In GitLab Runner 13.1, issue #3376, we began sending sigterm and then sigkill to a process in the Shell executor. We also introduced a new feature flag, FF_SHELL_EXECUTOR_USE_LEGACY_PROCESS_KILL, which allowed you to use the previous process termination method. In GitLab Runner 14.0, issue #6413, we will remove the feature flag.

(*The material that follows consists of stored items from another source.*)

(* Let $m,r,\delta\ge 1$, $n=m(r+1)$, let $q$ be a prime power, $\alpha$ a primitive element of $\mathbb{F}_q$, and $\beta\in\mathbb{F}_q$ an element of multiplicative order $\psi$ with $\psi\ge r+1$ (so $\psi\mid q-1$), and assume $q-1\ge \psi m$. Let $H_0$ be the $\delta\times(r+1)$ matrix with $(a,b)$ entry $\beta^{ab}$ for $0\le a\le\delta-1$, $0\le b\le r$, and for $j=1,\dots,m$ let $H_j$ be the $2\times(r+1)$ matrix whose first row is $(1,\beta^{\delta},\beta^{2\delta},\dots,\beta^{r\delta})$ and whose second row is $(\alpha^{j-1},\alpha^{j-1}\beta^{-1},\alpha^{j-1}\beta^{-2},\dots,\alpha^{j-1}\beta^{-r})$. Let $\mathcal{C}$ be the code of length $n$ with parity-check matrix $$H=\begin{pmatrix} H_0&0&\cdots&0\\ 0&H_0&\cdots&0\\ \vdots&&\ddots&\vdots\\ 0&0&\cdots&H_0\\ H_1&H_2&\cdots&H_m\end{pmatrix}.$$ Then $\mathcal{C}$ is a maximally recoverable (partial MDS) code: it corrects every erasure pattern consisting of $\delta$ erasures in each of the $m$ local groups (the blocks of $r+1$ consecutive coordinates) together with $2$ additional erasures at arbitrary further positions. *)

From HB Require Import structures.
From mathcomp Require Import all_boot all_order all_algebra.
Unset Implicit Arguments. Unset Printing Implicit Defensive.
Import GRing.Theory.
Local Open Scope ring_scope.

(* Coordinates of the code of length n = m(r+1) are 'I_(m*(r+1)); coordinate i
   lies in local group  i %/ (r+1)  (0-based, group j+1 in the paper) at
   position  i %% (r+1)  inside the group. *)

(* Parity-check matrix H, rows 'I_(m*delta + 2):
   rows k < m*delta : block-diagonal copies of H_0, row a = k %% delta of the
     copy in group g = k %/ delta, entry beta^(a*b);
   row m*delta      : first rows of H_1..H_m, entry beta^(delta*b);
   row m*delta+1    : second rows of H_j, entry alpha^(j-1) * beta^(-b). *)
Definition pmds_H (F : fieldType) (m r delta : nat) (alpha beta : F)
  : 'M[F]_(m * delta + 2, m * (r + 1)) :=
  \matrix_(k, i)
    let g := ((i : nat) %/ (r + 1))%N in
    let b := ((i : nat) %% (r + 1))%N in
    if ((k : nat) < m * delta)%N then
      (if ((k : nat) %/ delta == g)%N then beta ^+ (((k : nat) %% delta) * b) else 0)
    else if ((k : nat) == m * delta)%N then beta ^+ (delta * b)
    else alpha ^+ g * beta ^- b.

Definition pmds_code (F : fieldType) (m r delta : nat) (alpha beta : F)
  (c : 'rV[F]_(m * (r + 1))) : Prop :=
  pmds_H F m r delta alpha beta *m c^T = 0.

(* A code C (a predicate on words) corrects the erasure pattern E iff no
   nonzero codeword is supported inside E (equivalently, every codeword is
   determined by its unerased coordinates). *)
Definition corrects_erasures (F : fieldType) (N : nat)
  (C : 'rV[F]_N -> Prop) (E : {set 'I_N}) : Prop :=
  forall c, C c -> (forall i, i \notin E -> c ord0 i = 0) -> c = 0.

(* Erasure pattern: delta erasures in each of the m local groups plus 2
   further erasures, i.e. |E| = m*delta + 2 and every group contains at
   least delta erased positions. *)
Definition pmds_pattern (m r delta : nat) (E : {set 'I_(m * (r + 1))}) : Prop :=
  #|E| = (m * delta + 2)%N /\
  forall g : 'I_m, (delta <= #|[set i in E | ((i : nat) %/ (r + 1) == g)%N]|)%N.

From HB Require Import structures.
From mathcomp Require Import all_boot all_order all_algebra.
From mathcomp Require Import zify ring.
Import GRing.Theory.
Local Open Scope ring_scope.
Lemma Palpha_descent (s d : pt R) : (0 < n)%N -> 1 < al ->
  (forall i, s != x i) -> (forall j, 0 < dot (Mvec s j) d) ->
  exists t, Palpha al x t < Palpha al x s.
Proof.
move=> n_gt0 al1 sx hd.
pose G i h := edist (s + h *: d) (x i) `^ al.
have G0 i : G i 0 = edist s (x i) `^ al by rewrite /G scale0r addr0.
have dpsi j : is_derive (0 : R) 1 (\sum_(i < n) G i + G j) (- al * dot (Mvec s j) d).
  have dG i := is_derive_edist_powR al d (sx i).
  apply: is_derive_eq (is_deriveD (is_derive_sum dG) (dG j)) _.
  rewrite -mulr_sumr -mulrDr -dot_suml -dotDl addrC /Mvec -xs_subr.
  by under eq_bigr do rewrite -xs_subr.
have : \forall h \near 0^'+, forall j,
    (\sum_(i < n) G i + G j) h < (\sum_(i < n) G i + G j) 0.
  apply: filter_forall => j; apply: is_derive_lt0_near_right (dpsi j) _.
  by rewrite mulNr oppr_lt0 mulr_gt0 ?hd //; lra.
move=> /filter_ex [h psi_lt]; exists (s + h *: d).
set c := Palpha al x s - \sum_(i < n) G i h.
have Gc j : G j h < c.
  have := psi_lt j; rewrite !fctE !fct_sumE G0; under [in X in _ < X]eq_bigr do rewrite G0.
  by have := le_maxd (fun i => edist s (x i) `^ al) j; rewrite /c /Palpha; lra.
have c_gt0 : 0 < c by apply: le_lt_trans (Gc (Ordinal n_gt0)); apply: powR_ge0.
by have := maxd_lt c_gt0 Gc; rewrite /c /Palpha; lra.
Qed.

Deprecation date: Jun 22, 2021

Remove Ubuntu 19.10 (Eoan Ermine) package

Ubuntu 19.10 (Eoan Ermine) reached end of life on Friday, July 17, 2020. In GitLab Runner 14.0, we will remove Ubuntu 19.10 from our package distribution. Refer to issue #26036 for additional details.

Deprecation date: Jun 22, 2021

Remove off peak time mode for Docker Machine autoscaling

In GitLab Runner 13.0, issue #5069, we introduced new configuration setting timing options for the GitLab Docker Machine executor. In GitLab Runner 14.0, we will remove the old configuration option, Off Peak time mode.

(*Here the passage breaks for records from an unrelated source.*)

Lemma mdeg_weight_mnm j T : mdeg (weight_mnm j T) = (#|T| + #|T :&: S j|)%N.
Proof.
have -> : #|T :&: S j| = (\sum_(l in T) (l \in S j))%N.
  rewrite -sum1_card big_mkcond [RHS]big_mkcond; apply: eq_bigr => l _.
  by rewrite inE; case: (l \in T); case: (l \in S j).
rewrite /weight_mnm mdeg_sum -sum1_card -big_split; apply: eq_bigr => l _.
by rewrite mdegMn mdeg1 mul1n.
Qed.

Lemma weight_mnm_index j' T j l :
  weight_mnm j' T (mxvec_index j l) = (((j' == j) && (l \in T)) * weight j l)%N.
Proof.
rewrite /weight_mnm mnm_sumE.
under eq_bigr do rewrite mulmnE mnm1E eq_mxvec_index.
have [<- | ne_j] := eqVneq j' j; last by rewrite big1 // => l' _; rewrite andFb mul0n.
have [Tl | Tl] := boolP (l \in T).
  by rewrite (bigD1 l) //= eqxx big1 ?addn0 // => l' /andP[_ /negbTE->].
by rewrite big1 // => l' Tl'; case: eqP Tl => // <-; rewrite Tl'.
Qed.

Lemma lt_mdeg_weight_mnm j j' k :
  j' != j -> (mdeg (weight_mnm j' (E j k)) < mdeg (weight_mnm j (E j k)))%N.
Proof.
move=> ne_j; rewrite !mdeg_weight_mnm ltn_add2l; apply: card_setI_lt.
  by rewrite card_exchange_set //; apply: exchange_set_meet.
by rewrite (eqP (card_E j k)) far_S // eq_sym.
Qed.

Lemma mlead_comp_secant_exchange j k :
  mlead (secant_param r (exchange_dsubset j k) \mPo weight_subst) = weight_mnm j (E j k) /\
  secant_param r (exchange_dsubset j k) \mPo weight_subst != 0.
Proof.
rewrite comp_secant_param; apply: mlead_sumX_max => j' ne_j.
exact/lt_mdeg_ltmc/lt_mdeg_weight_mnm.
Qed.

Definition secant_exchange_tuple : (r * n).-tuple {mpoly CC[r * n]} :=
  [tuple mxvec_fun (fun j k => secant_param r (exchange_dsubset j k)) i | i < r * n].

Lemma mlead_secant_exchange_index (m : 'X_{1..r * n}) j l :
  (\sum_(i < r * n) mlead (tnth secant_exchange_tuple i \mPo weight_subst) *+ m i)%MM
    (mxvec_index j l) =
  (exchange_weight (S j) (a j) (b j) (fun k => m (mxvec_index j k)) l * weight j l)%N.
Proof.
have mlead_i j' k : mlead (tnth secant_exchange_tuple (mxvec_index j' k) \mPo weight_subst)
    = weight_mnm j' (E j' k).
  by rewrite tnth_mktuple mxvec_funE; case: (mlead_comp_secant_exchange j' k).
rewrite mnm_sumE big_mxvec_index.
under eq_bigr do under eq_bigr do rewrite mulmnE mlead_i weight_mnm_index.
rewrite (bigD1 j) //= [X in (_ + X)%N]big1 ?addn0 => [|j' ne_j]; last first.
  by apply: big1 => k _; rewrite (negbTE ne_j) mul0n.
rewrite /exchange_weight big_distrl [RHS]big_mkcond /=; apply: eq_bigr => k _.
by rewrite eqxx; case: (l \in E j k); rewrite ?mul0n ?mul1n // mulnC.
Qed.

Lemma alg_indep_secant_exchange : alg_indep secant_exchange_tuple.
Proof.
apply: (comp_mlead_alg_indep (h := weight_subst)) => [i | m m' eq_mm'].
  case/mxvec_indexP: i => j k; rewrite tnth_mktuple mxvec_funE.
  by case: (mlead_comp_secant_exchange j k).
apply/mnmP => i; case/mxvec_indexP: i => j k.
apply: (exchange_weight_inj (Sa j) (Sb j) (w := fun k => m (mxvec_index j k))
  (w' := fun k => m' (mxvec_index j k))) => l.
have := congr1 (fun mm : 'X_{1..r * n} => mm (mxvec_index j l)) eq_mm'.
by rewrite /= !mlead_secant_exchange_index => /eqP; rewrite eqn_pmul2r // => /eqP.
Qed.

Lemma exists_alg_indep_secant : exists g : (r * n).-tuple {mpoly CC[r * n]},
  (forall i, exists c : dsubset n d, tnth g i = secant_param r c) /\ alg_indep g.
Proof.
exists secant_exchange_tuple; split; last exact: alg_indep_secant_exchange.
by move=> i; case/mxvec_indexP: i => j k; rewrite tnth_mktuple mxvec_funE; eexists.
Qed.

End SecantSpecialization.

Theorem theorem5p8 (n d r : nat) :
  (1 <= d)%N -> (d < n)%N -> (1 <= r)%N ->
  ((1 + d * (n - d) + 'C(d, 2) * 'C(n - d, 2)) * r <= 'C(n, d))%N ->
  secant_hypersimplex_dim n d r (minn (n * r) 'C(n, d)).-1 /\
  (minn (n * r) 'C(n, d)).-1 = (n * r).-1.
Proof.
move=> d_gt0 lt_dn r_gt0 le_code.
have le_n_beta : (n <= 1 + d * (n - d))%N by nia.
have le_nr : (n * r <= 'C(n, d))%N.
  by apply: leq_trans le_code; rewrite leq_mul2r (leq_trans le_n_beta) ?leq_addr ?orbT.
rewrite (minn_idPl le_nr); split=> //.
rewrite /secant_hypersimplex_dim prednK; last by rewrite muln_gt0 r_gt0 andbT; lia.
rewrite [(n * r)%N]mulnC; have [S [card_S far_S]] := johnson_code_exists le_code.
have [a Sa] : exists a : 'I_r -> 'I_n, forall j, a j \in S j.
  apply: (fin_all_exists (P := fun j x => x \in S j)) => j.
  by apply/card_gt0P; rewrite card_S.
have [b Sb] : exists b : 'I_r -> 'I_n, forall j, b j \notin S j.
  apply: (fin_all_exists (P := fun j x => x \notin S j)) => j.
  have := cardsC (S j); rewrite card_S card_ord => card_C.
  have /card_gt0P[x] : (0 < #|~: S j|)%N by lia.
  by rewrite inE; exists x.
split; first exact: exists_alg_indep_secant card_S far_S Sa Sb.
by move=> k g _ /alg_indep_size_le.
Qed.
Lemma has_period_sub w p q : p < q -> p + q <= size w ->
  has_period w p -> has_period w q -> has_period w (q - p).
Proof.
move=> lt_pq le_w per_p per_q i lt_i.
have [le_pi | lt_ip] := leqP p i.
  rewrite -{1}(subnK le_pi) -per_p; last lia.
  have -> : i + (q - p) = i - p + q by lia.
  by apply: per_q; lia.
rewrite (per_q i) ?(per_p (i + (q - p))); try congr nth; lia.
Qed.

(* Fine and Wilf, in the weak form with p + q instead of p + q - gcd p q. *)
Lemma has_period_gcd w p q : 0 < p -> 0 < q -> p + q <= size w ->
  has_period w p -> has_period w q -> has_period w (gcdn p q).
Proof.
have [m] := ubnP (p + q); elim: m p q => // m IH p q /ltnSE le_m.
move=> p_gt0 q_gt0 le_w per_p per_q.
have [lt_pq | lt_qp | ->] := ltngtP p q; last by rewrite gcdnn.
- rewrite -(subnK (ltnW lt_pq)) gcdnDr.
  by apply: IH; rewrite ?subn_gt0 //; [lia | lia | exact: has_period_sub].
- rewrite gcdnC -(subnK (ltnW lt_qp)) gcdnDr.
  by apply: IH; rewrite ?subn_gt0 //; [lia | lia | apply: has_period_sub => //; lia].
Qed.

Lemma has_period_border v t r : v ++ t = t ++ r -> has_period (v ++ t) (size v).
Proof.
move=> border i; rewrite size_cat => lt_i.
rewrite {1}border [LHS]nth_cat ifT; last lia.
by rewrite nth_cat ltnNge leq_addl addnK.
Qed.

Deprecation date: Jun 22, 2021

Remove success and failure build metric conversions

In GitLab Runner 13.5, we introduced failed and success states for a job. To support Prometheus rules, we chose to convert success and failure to finished for the metric. In 14.0, we will remove the conversion. Refer to issue #26900 for additional details.

Deprecation date: Jun 22, 2021

Remove translation from step_script to build_script in custom executor

In GitLab Runner 13.2, a translation for step_script to build_script was added to the custom executor. In 14.0, the build_script stage will be replaced with step_script. Refer to issue #26426 for additional details.

Deprecation date: Jun 22, 2021

Important notes on upgrading to GitLab 13.4

In GitLab 13.0, legacy storage was deprecated, and we announced that all projects that were in legacy storage would be automatically upgraded to the new hashed storage in GitLab 13.2. This background migration was delayed to GitLab 13.4.

Upon upgrading to 13.4, all projects still in legacy storage will be automatically migrated via a background migration.